▶ [TASK STATEMENT]
Using the records below, count the lines containing "StructureConstants" and give only the total.

(Stored data entries)
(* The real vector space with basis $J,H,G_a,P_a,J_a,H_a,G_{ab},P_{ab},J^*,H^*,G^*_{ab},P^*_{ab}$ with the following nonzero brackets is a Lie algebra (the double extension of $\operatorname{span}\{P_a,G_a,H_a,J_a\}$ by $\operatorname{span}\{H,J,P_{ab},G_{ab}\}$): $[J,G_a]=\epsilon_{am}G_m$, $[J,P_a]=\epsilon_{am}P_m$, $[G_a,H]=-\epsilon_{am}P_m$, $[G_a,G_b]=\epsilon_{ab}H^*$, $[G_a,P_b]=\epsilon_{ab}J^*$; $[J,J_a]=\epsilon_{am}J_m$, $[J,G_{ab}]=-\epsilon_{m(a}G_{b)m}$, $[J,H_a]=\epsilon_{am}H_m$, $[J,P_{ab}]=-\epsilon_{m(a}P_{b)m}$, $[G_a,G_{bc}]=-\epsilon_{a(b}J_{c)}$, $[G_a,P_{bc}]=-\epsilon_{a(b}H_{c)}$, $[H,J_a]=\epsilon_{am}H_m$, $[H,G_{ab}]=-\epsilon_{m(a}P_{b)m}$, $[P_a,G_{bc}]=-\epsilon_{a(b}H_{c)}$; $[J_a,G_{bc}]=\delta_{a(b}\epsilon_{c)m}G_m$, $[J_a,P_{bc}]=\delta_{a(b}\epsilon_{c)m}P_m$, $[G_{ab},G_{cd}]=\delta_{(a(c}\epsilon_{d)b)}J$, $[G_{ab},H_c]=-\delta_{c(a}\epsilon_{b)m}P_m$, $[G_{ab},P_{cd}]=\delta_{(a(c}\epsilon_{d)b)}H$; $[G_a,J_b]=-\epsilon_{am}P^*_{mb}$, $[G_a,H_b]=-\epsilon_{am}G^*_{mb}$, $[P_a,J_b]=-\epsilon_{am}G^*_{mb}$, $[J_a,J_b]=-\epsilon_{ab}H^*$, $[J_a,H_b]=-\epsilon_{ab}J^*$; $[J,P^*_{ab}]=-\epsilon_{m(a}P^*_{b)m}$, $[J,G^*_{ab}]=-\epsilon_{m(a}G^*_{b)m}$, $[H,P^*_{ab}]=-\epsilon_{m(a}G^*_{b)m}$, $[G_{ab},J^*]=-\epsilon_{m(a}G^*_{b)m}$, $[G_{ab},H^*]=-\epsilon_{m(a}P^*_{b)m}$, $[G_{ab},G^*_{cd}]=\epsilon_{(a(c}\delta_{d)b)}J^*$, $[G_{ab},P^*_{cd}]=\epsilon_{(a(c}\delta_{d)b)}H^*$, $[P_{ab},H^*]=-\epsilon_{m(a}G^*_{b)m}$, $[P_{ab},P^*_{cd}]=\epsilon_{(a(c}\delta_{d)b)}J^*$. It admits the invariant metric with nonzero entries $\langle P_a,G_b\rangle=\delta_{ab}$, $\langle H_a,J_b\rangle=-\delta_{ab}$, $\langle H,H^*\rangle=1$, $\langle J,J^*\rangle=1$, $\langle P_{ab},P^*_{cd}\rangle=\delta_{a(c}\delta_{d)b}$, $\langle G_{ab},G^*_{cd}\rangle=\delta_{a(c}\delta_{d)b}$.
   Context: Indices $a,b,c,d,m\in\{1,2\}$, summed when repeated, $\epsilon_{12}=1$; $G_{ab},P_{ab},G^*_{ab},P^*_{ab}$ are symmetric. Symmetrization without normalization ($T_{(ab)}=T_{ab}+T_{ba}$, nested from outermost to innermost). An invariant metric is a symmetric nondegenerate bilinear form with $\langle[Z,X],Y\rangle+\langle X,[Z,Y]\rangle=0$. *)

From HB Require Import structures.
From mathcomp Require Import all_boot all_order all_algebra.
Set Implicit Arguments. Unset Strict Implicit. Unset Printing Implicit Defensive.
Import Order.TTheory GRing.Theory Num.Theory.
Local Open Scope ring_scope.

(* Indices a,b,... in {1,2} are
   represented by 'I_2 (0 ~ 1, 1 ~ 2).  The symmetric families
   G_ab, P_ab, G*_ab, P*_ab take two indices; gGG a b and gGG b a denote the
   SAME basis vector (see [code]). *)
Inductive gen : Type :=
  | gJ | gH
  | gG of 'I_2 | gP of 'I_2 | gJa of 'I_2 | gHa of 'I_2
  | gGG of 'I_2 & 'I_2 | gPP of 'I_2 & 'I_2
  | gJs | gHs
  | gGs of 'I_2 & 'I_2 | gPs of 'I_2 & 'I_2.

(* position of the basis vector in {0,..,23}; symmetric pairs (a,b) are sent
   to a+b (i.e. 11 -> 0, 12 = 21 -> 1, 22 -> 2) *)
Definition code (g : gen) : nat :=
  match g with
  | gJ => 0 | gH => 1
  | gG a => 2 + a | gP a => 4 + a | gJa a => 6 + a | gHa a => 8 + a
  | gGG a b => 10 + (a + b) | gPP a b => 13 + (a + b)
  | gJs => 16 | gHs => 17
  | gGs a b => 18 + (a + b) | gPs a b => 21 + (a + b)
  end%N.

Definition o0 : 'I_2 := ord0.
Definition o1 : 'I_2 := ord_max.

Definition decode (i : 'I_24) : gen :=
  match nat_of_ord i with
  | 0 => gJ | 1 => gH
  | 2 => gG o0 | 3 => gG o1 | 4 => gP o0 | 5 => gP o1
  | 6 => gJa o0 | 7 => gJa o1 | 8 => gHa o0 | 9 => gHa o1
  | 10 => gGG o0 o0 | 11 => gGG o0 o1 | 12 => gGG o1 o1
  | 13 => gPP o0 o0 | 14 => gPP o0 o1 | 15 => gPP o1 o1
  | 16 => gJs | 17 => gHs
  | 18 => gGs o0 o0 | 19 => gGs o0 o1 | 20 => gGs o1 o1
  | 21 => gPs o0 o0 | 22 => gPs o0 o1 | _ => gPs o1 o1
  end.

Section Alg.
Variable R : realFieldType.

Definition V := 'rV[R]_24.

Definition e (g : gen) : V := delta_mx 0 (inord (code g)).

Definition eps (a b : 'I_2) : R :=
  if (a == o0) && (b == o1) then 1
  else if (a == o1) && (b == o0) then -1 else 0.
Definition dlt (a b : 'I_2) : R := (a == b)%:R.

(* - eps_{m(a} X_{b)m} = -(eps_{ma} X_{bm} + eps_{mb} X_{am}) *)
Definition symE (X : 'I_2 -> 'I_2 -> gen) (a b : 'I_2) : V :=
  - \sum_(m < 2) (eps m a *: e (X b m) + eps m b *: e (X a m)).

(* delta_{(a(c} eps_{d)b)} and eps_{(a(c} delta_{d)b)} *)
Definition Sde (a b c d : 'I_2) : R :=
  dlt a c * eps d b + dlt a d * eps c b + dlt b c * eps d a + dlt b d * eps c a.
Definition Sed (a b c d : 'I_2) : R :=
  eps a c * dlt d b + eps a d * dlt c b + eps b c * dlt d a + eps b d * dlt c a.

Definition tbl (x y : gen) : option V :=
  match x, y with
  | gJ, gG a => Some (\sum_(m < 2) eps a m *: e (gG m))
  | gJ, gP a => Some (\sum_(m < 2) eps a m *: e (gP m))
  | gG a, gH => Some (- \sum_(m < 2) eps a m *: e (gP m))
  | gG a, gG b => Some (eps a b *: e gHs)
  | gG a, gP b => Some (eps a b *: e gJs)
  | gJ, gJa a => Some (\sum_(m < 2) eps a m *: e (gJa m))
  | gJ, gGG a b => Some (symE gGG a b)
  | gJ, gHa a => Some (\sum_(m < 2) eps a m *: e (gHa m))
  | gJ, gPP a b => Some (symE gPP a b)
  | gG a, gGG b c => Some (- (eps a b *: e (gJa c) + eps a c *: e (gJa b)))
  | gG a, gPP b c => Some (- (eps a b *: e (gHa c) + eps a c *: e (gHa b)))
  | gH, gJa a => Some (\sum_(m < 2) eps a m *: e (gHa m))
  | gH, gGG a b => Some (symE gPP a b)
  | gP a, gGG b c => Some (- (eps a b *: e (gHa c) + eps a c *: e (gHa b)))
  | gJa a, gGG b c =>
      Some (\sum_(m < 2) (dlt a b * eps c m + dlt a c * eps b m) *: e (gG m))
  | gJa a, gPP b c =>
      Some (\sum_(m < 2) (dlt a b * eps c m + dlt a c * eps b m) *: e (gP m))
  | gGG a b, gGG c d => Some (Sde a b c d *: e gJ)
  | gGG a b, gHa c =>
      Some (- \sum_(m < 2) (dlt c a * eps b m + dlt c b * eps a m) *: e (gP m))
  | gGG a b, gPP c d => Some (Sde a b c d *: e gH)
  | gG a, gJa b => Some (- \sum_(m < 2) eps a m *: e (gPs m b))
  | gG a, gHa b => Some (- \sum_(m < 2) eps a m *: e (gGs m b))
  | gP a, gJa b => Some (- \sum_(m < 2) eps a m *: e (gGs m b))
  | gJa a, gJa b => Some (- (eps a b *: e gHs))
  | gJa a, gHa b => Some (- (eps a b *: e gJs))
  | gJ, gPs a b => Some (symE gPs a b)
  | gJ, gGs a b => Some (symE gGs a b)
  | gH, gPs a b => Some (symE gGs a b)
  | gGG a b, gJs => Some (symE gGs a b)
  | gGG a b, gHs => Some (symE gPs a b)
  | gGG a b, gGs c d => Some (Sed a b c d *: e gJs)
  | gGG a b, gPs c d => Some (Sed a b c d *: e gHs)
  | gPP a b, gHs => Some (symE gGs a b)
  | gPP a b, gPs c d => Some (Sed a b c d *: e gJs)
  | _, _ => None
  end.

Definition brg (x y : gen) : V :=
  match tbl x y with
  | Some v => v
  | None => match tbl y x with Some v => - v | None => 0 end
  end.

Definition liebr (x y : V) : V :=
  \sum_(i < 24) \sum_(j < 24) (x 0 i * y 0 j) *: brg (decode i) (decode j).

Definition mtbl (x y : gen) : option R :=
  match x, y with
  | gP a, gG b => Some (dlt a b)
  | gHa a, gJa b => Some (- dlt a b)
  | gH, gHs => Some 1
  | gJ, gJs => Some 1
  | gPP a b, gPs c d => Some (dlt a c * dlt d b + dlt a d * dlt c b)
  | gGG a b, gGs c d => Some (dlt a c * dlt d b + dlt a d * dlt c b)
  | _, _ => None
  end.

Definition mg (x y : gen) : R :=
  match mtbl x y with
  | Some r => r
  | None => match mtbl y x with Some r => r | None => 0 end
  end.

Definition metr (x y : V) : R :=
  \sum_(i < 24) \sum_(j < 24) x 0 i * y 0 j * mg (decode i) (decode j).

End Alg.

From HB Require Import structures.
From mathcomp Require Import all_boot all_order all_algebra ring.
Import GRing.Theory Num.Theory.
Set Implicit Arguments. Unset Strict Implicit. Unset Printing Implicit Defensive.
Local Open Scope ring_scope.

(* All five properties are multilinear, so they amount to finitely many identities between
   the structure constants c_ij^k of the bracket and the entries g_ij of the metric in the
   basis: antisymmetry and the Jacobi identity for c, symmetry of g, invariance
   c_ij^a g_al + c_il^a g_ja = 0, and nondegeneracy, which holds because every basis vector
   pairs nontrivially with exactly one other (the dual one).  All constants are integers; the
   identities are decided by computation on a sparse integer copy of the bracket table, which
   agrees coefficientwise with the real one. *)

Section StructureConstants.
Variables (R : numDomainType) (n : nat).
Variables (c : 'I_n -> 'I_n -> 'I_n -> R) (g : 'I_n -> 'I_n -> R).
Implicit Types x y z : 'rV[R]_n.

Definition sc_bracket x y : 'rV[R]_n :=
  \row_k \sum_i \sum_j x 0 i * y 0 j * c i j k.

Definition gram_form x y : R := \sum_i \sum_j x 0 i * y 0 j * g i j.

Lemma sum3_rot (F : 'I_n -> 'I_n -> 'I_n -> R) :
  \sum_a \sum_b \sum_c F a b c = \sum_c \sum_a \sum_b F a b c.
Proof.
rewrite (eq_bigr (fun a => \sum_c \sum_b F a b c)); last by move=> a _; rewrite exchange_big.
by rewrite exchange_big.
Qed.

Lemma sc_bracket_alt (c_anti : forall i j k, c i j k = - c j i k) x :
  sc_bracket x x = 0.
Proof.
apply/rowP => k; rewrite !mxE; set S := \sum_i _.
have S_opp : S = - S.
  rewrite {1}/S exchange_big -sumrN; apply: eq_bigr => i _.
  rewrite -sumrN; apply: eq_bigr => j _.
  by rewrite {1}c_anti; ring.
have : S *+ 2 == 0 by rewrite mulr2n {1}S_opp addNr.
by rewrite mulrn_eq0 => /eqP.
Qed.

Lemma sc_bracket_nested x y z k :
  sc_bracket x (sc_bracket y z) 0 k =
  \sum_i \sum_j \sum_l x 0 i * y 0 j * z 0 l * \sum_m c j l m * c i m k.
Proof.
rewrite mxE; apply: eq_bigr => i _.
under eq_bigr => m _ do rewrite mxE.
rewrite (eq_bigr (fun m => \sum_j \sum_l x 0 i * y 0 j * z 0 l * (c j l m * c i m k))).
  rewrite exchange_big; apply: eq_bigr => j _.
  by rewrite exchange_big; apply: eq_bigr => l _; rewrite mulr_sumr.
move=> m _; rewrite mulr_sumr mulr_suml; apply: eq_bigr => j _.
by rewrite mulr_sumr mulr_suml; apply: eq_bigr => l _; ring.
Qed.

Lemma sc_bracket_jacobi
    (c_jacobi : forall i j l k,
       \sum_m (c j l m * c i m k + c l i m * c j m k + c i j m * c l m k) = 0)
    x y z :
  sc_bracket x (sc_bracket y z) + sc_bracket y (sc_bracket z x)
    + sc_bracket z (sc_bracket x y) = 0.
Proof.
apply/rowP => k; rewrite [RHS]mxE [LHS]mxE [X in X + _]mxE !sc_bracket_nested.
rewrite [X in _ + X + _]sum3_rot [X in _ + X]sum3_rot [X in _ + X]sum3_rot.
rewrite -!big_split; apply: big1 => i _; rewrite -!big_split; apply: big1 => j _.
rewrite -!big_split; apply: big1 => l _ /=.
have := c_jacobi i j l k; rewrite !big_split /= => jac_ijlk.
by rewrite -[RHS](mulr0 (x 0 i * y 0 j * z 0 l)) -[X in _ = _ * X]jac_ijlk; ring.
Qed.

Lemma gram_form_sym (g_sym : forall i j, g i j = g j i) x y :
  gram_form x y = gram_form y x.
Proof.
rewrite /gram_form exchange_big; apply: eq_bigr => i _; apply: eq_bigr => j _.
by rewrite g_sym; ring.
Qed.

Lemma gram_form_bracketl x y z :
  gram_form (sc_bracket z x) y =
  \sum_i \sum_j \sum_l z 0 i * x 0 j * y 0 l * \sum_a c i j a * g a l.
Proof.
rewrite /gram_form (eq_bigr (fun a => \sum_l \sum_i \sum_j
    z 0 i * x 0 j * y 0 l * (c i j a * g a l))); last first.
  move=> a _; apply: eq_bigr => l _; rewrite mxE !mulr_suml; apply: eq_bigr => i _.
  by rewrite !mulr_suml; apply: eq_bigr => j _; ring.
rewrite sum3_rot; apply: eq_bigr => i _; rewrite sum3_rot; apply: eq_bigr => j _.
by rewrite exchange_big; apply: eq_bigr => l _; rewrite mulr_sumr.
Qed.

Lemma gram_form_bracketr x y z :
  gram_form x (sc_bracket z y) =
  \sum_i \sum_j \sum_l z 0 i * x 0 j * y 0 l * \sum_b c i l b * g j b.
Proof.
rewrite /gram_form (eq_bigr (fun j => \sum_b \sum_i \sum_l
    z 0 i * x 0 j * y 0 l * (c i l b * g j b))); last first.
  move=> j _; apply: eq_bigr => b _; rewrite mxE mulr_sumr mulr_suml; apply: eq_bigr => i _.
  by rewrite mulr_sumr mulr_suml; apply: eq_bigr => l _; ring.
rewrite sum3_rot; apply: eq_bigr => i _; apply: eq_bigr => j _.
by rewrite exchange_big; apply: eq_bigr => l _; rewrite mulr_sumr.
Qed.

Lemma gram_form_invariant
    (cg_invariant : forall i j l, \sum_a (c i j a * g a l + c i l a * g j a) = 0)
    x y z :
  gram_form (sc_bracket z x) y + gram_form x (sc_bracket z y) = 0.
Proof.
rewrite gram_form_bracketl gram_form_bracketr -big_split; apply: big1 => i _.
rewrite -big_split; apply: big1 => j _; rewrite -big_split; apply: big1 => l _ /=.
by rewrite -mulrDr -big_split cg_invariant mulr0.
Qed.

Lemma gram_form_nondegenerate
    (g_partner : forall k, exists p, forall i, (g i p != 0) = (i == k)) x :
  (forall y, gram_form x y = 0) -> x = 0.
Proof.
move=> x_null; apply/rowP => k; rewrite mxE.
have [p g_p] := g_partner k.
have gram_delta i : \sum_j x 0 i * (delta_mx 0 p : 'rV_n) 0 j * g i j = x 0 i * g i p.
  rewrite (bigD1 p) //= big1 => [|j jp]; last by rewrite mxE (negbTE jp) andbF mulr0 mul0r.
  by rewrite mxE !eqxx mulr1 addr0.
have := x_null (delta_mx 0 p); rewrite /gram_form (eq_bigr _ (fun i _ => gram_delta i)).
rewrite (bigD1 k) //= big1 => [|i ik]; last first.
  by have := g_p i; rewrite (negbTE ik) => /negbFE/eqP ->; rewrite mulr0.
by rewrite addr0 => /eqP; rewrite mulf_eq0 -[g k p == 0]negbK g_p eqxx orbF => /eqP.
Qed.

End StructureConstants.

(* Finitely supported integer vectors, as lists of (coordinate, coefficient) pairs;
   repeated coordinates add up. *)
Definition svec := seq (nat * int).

▶ [OUTPUT BELOW]
2